Is Your Government Ready to Buy AI?
Key Takeaways
- •UK AI procurement doubled to £1.17bn (~$1.5bn) in 2025
- •US federal agencies spent $5.6bn on AI 2022‑2024
- •OCP released Buying AI guide with five procurement priorities
- •Emphasize strategy, staff AI literacy, cross‑team collaboration
- •Data management and agile open competition prevent vendor lock‑in
Summary
Governments are rapidly increasing AI spending, with the United Kingdom allocating about $1.5 billion in 2025—double the previous year. U.S. federal agencies have committed $5.6 billion to AI projects between 2022 and 2024. The Open Contracting Partnership (OCP) launched a “Buying AI” guide outlining five priorities, from strategy to data management and agile procurement. The guide urges governments to focus on outcomes, staff expertise, and open competition to avoid vendor lock‑in and preserve public trust.
Pulse Analysis
The surge in public‑sector AI investment reflects both the promise of efficiency gains and the peril of unchecked spending.
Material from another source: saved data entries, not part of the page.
Lemma is_derive_log_deriv (f : R -> R) x : (forall y, ex_derive f y) ->
  ex_derive (Derive f) x -> 0 < f x ->
  is_derive (fun y => Derive f y / f y) x (Derive_n (fun y => ln (f y)) 2 x).
Proof.
  intros Hf Hf' Hpos.
  assert (Hnear : locally x (fun y => 0 < f y)).
  { exact (ex_derive_continuous f x (Hf x) _ (open_gt 0 (f x) Hpos)). }
  change (Derive_n (fun y => ln (f y)) 2 x) with (Derive (Derive (fun y => ln (f y))) x).
  rewrite (Derive_ext_loc _ (fun y => Derive f y / f y)).
  - apply Derive_correct. auto_derive. repeat split; auto; lra.
  - eapply filter_imp; [|exact Hnear]. intros y Hy.
    apply is_derive_unique. auto_derive; [repeat split; auto; lra|].
    eta_Derive. field. lra.
Qed.

(* The first-order form of [(p w')' = - eps p w] on [0, b] with [w'(0) = 0] and the Robin
   condition [p(b) w'(b) = - c w(b)]; [W] plays the role of [p w']. *)
Section RobinProblem.

Variables (w W p : R -> R) (eps b c : R).
Hypotheses (Hb : 0 < b) (Hc : 0 < c)
  (Hw : forall x, 0 <= x <= b -> ex_derive w x)
  (Hw' : forall x, 0 <= x <= b -> Derive w x = W x / p x)
  (HW : forall x, 0 <= x <= b -> ex_derive W x)
  (HW' : forall x, 0 <= x < b -> Derive W x = - eps * p x * w x)
  (Hp : forall x, 0 <= x <= b -> 0 < p x)
  (HW0 : W 0 = 0) (HWb : W b = - c * w b)
  (Hnz : exists x, 0 <= x <= b /\ w x <> 0).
In the UK, AI contracts jumped to roughly $1.5 billion in 2025, while U.S. federal agencies have already poured $5.6 billion into AI initiatives since 2022. This rapid outlay raises questions about governance, transparency, and the ability of procurement teams to evaluate sophisticated algorithms, especially as vendors vie for lucrative government contracts.
To address these challenges, the Open Contracting Partnership introduced its Buying AI guide, which distills best‑practice recommendations into five actionable priorities. Central to the framework is the development of a clear organizational AI strategy before any tender is issued, coupled with baseline AI literacy for procurement staff and end‑users. By breaking down silos between technology, program, and procurement units, governments can ask the right technical and ethical questions early, reducing the risk of costly re‑negotiations later in the contract lifecycle.
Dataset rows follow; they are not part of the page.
(* For every integer $n\geq 2$, the operator $W_n^{*}$ on $H^2$ is frequently hypercyclic.
   Context: $H^2$ denotes the Hardy space of analytic functions $f(z)=\sum_{k\ge0}\hat f(k)z^k$ on the open unit disk with $\sum_{k}|\hat f(k)|^2<\infty$. For $n\in\mathbb{N}$, $W_n$ is the bounded operator on $H^2$ given by $W_nf(z)=(1+z+\cdots+z^{n-1})f(z^n)$, and $W_n^{*}$ is its adjoint. For $A\subseteq\mathbb{N}$, its lower density is $\liminf_{N\to\infty}\mathrm{card}(A\cap[1,N])/N$. An operator $T$ on a separable Banach space $Y$ is frequently hypercyclic if there is $y\in Y$ such that for every non-empty open $V\subseteq Y$, the set $\{k\in\mathbb{N}: T^ky\in V\}$ has positive lower density. *)

From Stdlib Require Import Reals ClassicalEpsilon.
From Coquelicot Require Import Coquelicot.

(* H^2 is identified with the space of coefficient sequences
   f = (\hat f(k))_{k >= 0} with sum_k |\hat f(k)|^2 < oo. *)
Definition inH2 (f : nat -> C) : Prop :=
  ex_series (fun k => (Cmod (f k)) ^ 2).

Definition H2norm (f : nat -> C) : R :=
  sqrt (Series (fun k => (Cmod (f k)) ^ 2)).

Definition H2inner (f g : nat -> C) : C :=
  (Series (fun k => Re (Cmult (f k) (Cconj (g k)))),
   Series (fun k => Im (Cmult (f k) (Cconj (g k))))).

(* W_n f(z) = (1 + z + ... + z^{n-1}) f(z^n): the coefficient of z^m in
   W_n f is \hat f(m / n) (Euclidean quotient), since
   W_n f(z) = sum_k \hat f(k) (z^{nk} + ... + z^{nk+n-1}). *)
Definition W (n : nat) (f : nat -> C) : nat -> C :=
  fun m => f (m / n)%nat.

Definition is_adjoint_W (n : nat) (T : (nat -> C) -> (nat -> C)) : Prop :=
  forall f g, inH2 f -> inH2 g ->
    inH2 (T g) /\ H2inner (W n f) g = H2inner f (T g).

Fixpoint count_upto (A : nat -> Prop) (N : nat) : nat :=
  match N with
  | O => O
  | S m => (count_upto A m +
            (if excluded_middle_informative (A (S m)) then 1 else 0))%nat
  end.

Definition lower_density (A : nat -> Prop) : Rbar :=
  LimInf_seq (fun N => INR (count_upto A N) / INR N).

Definition H2open (V : (nat -> C) -> Prop) : Prop :=
  forall x, V x -> inH2 x /\
    exists eps : R, 0 < eps /\
      forall y, inH2 y -> H2norm (fun k => Cminus (y k) (x k)) < eps -> V y.

Definition frequently_hypercyclic (T : (nat -> C) -> (nat -> C)) : Prop :=
  exists y, inH2 y /\
    forall V, H2open V -> (exists x, V x) ->
      Rbar_lt (Finite 0) (lower_density (fun k => V (Nat.iter k T y))).

(* The adjoint T = W_n^* acts on coefficients by block sums,
   (T g)(k) = g(nk) + ... + g(nk + n - 1), so T^j y (i) is the sum of y over the block
   [i n^j, (i + 1) n^j).  Fix a countable dense family of finitely supported targets x_l whose
   coefficients sum to zero, and pairwise disjoint sets of "visit times" of positive lower
   density, any two visits being far apart.  For every visit j of l, the vector y carries x_l,
   scaled by n^-j, on the generations [n^d, n^(d+1)) with j - 1 <= d < j + G_l; then T^j y
   coincides with x_l on the support of x_l.  Since the targets sum to zero, the partial sums
   of y vanish outside these windows, and later visits contribute to T^j y only terms that are
   exponentially small in their distance to j.  Hence T^j y is close to x_l at every visit j
   of l. *)

From Stdlib Require Import Reals.
From Coquelicot Require Import Coquelicot.
From Stdlib Require Import Lra Lia ZArith ClassicalEpsilon.
From Stdlib Require Cantor.

(** * Finite sums *)

Fixpoint csum (f : nat -> C) (N : nat) : C :=
  match N with O => RtoC 0 | S m => Cplus (csum f m) (f m) end.

Fixpoint rsum (f : nat -> R) (N : nat) : R :=
  match N with O => 0%R | S m => (rsum f m + f m)%R end.

Section FiniteSums.
Local Open Scope R_scope.
Implicit Types (f g : nat -> R) (u v : nat -> C).

Lemma rsum_ext f g N : (forall i, (i < N)%nat -> f i = g i) -> rsum f N = rsum g N.
Proof.
  induction N as [|N IH]; intros H; simpl; auto.
  rewrite IH, H; auto with arith.
Qed.

Lemma csum_ext u v N : (forall i, (i < N)%nat -> u i = v i) -> csum u N = csum v N.
Proof.
  induction N as [|N IH]; intros H; simpl; auto.
  rewrite IH, H; auto with arith.
Qed.

Lemma rsum_add f a b : rsum f (a + b) = rsum f a + rsum (fun t => f (a + t)%nat) b.
Proof.
  induction b as [|b IH]; simpl; [rewrite Nat.add_0_r; ring|].
  rewrite Nat.add_succ_r; simpl; rewrite IH; ring.
Qed.

Lemma csum_add u a b : csum u (a + b) = (csum u a + csum (fun t => u (a + t)%nat) b)%C.
Proof.
  induction b as [|b IH]; simpl; [rewrite Nat.add_0_r; ring|].
  rewrite Nat.add_succ_r; simpl; rewrite IH; ring.
Qed.

Lemma csum_block u a B : csum u (a * B) = csum (fun i => csum (fun t => u (i * B + t)%nat) B) a.
Proof. induction a as [|a IH]; simpl; auto. rewrite Nat.add_comm, csum_add, IH; auto. Qed.

Lemma rsum_le f g N : (forall i, (i < N)%nat -> f i <= g i) -> rsum f N <= rsum g N.
Proof.
  induction N as [|N IH]; intros H; simpl; [lra|].
  apply Rplus_le_compat; auto with arith.
Qed.

Lemma rsum_const c N : rsum (fun _ => c) N = INR N * c.
Proof. induction N as [|N IH]; cbn [rsum]; [simpl; ring|]. rewrite IH, S_INR; ring. Qed.

Lemma csum_const c N : csum (fun _ => c) N = (RtoC (INR N) * c)%C.
Proof.
  induction N as [|N IH]; cbn [csum]; [apply injective_projections; simpl; ring|].
  rewrite IH, S_INR; apply injective_projections; simpl; ring.
Qed.

Lemma rsum_nonneg f N : (forall i, (i < N)%nat -> 0 <= f i) -> 0 <= rsum f N.
Proof. intros H; rewrite <- (Rmult_0_r (INR N)), <- rsum_const; now apply rsum_le. Qed.

Lemma rsum_le_mono f N N' : (forall i, 0 <= f i) -> (N <= N')%nat -> rsum f N <= rsum f N'.
Proof.
  intros Hf HN; replace N' with (N + (N' - N))%nat by lia; rewrite rsum_add.
  pose proof (rsum_nonneg (fun t => f (N + t)%nat) (N' - N) (fun i _ => Hf _)); lra.
Qed.

Lemma rsum_plus f g N : rsum (fun i => f i + g i) N = rsum f N + rsum g N.
Proof. induction N as [|N IH]; simpl; [ring|]. rewrite IH; ring. Qed.

Lemma rsum_scal c f N : rsum (fun i => c * f i) N = c * rsum f N.
Proof. induction N as [|N IH]; simpl; [ring|]. rewrite IH; ring. Qed.

Lemma csum_minus u v N : csum (fun i => u i - v i)%C N = (csum u N - csum v N)%C.
Proof.
  induction N as [|N IH]; simpl; [apply injective_projections; simpl; ring|].
  rewrite IH; ring.
Qed.

Lemma rsum_zero f N : (forall i, (i < N)%nat -> f i = 0) -> rsum f N = 0.
Proof. intros H; rewrite (rsum_ext f (fun _ => 0)), rsum_const by auto; ring. Qed.

Lemma csum_zero u N : (forall i, (i < N)%nat -> u i = 0%C) -> csum u N = 0%C.
Proof.
  intros H; rewrite (csum_ext u (fun _ => 0%C)), csum_const by auto.
  apply injective_projections; simpl; ring.
Qed.

Lemma Cmod_csum u N : Cmod (csum u N) <= rsum (fun i => Cmod (u i)) N.
Proof.
  induction N as [|N IH]; simpl; [rewrite Cmod_0; lra|].
  eapply Rle_trans; [apply Cmod_triangle | lra].
Qed.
Looking ahead, the decisive factor will be outcome‑oriented procurement rather than technology‑centric buying. Robust data management—ensuring clean, interoperable datasets—underpins any successful AI deployment, while agile, open‑competition processes guard against vendor lock‑in and stimulate innovation. Governments that embed these principles can harness AI to improve service delivery, maintain public trust, and achieve better value for taxpayer dollars.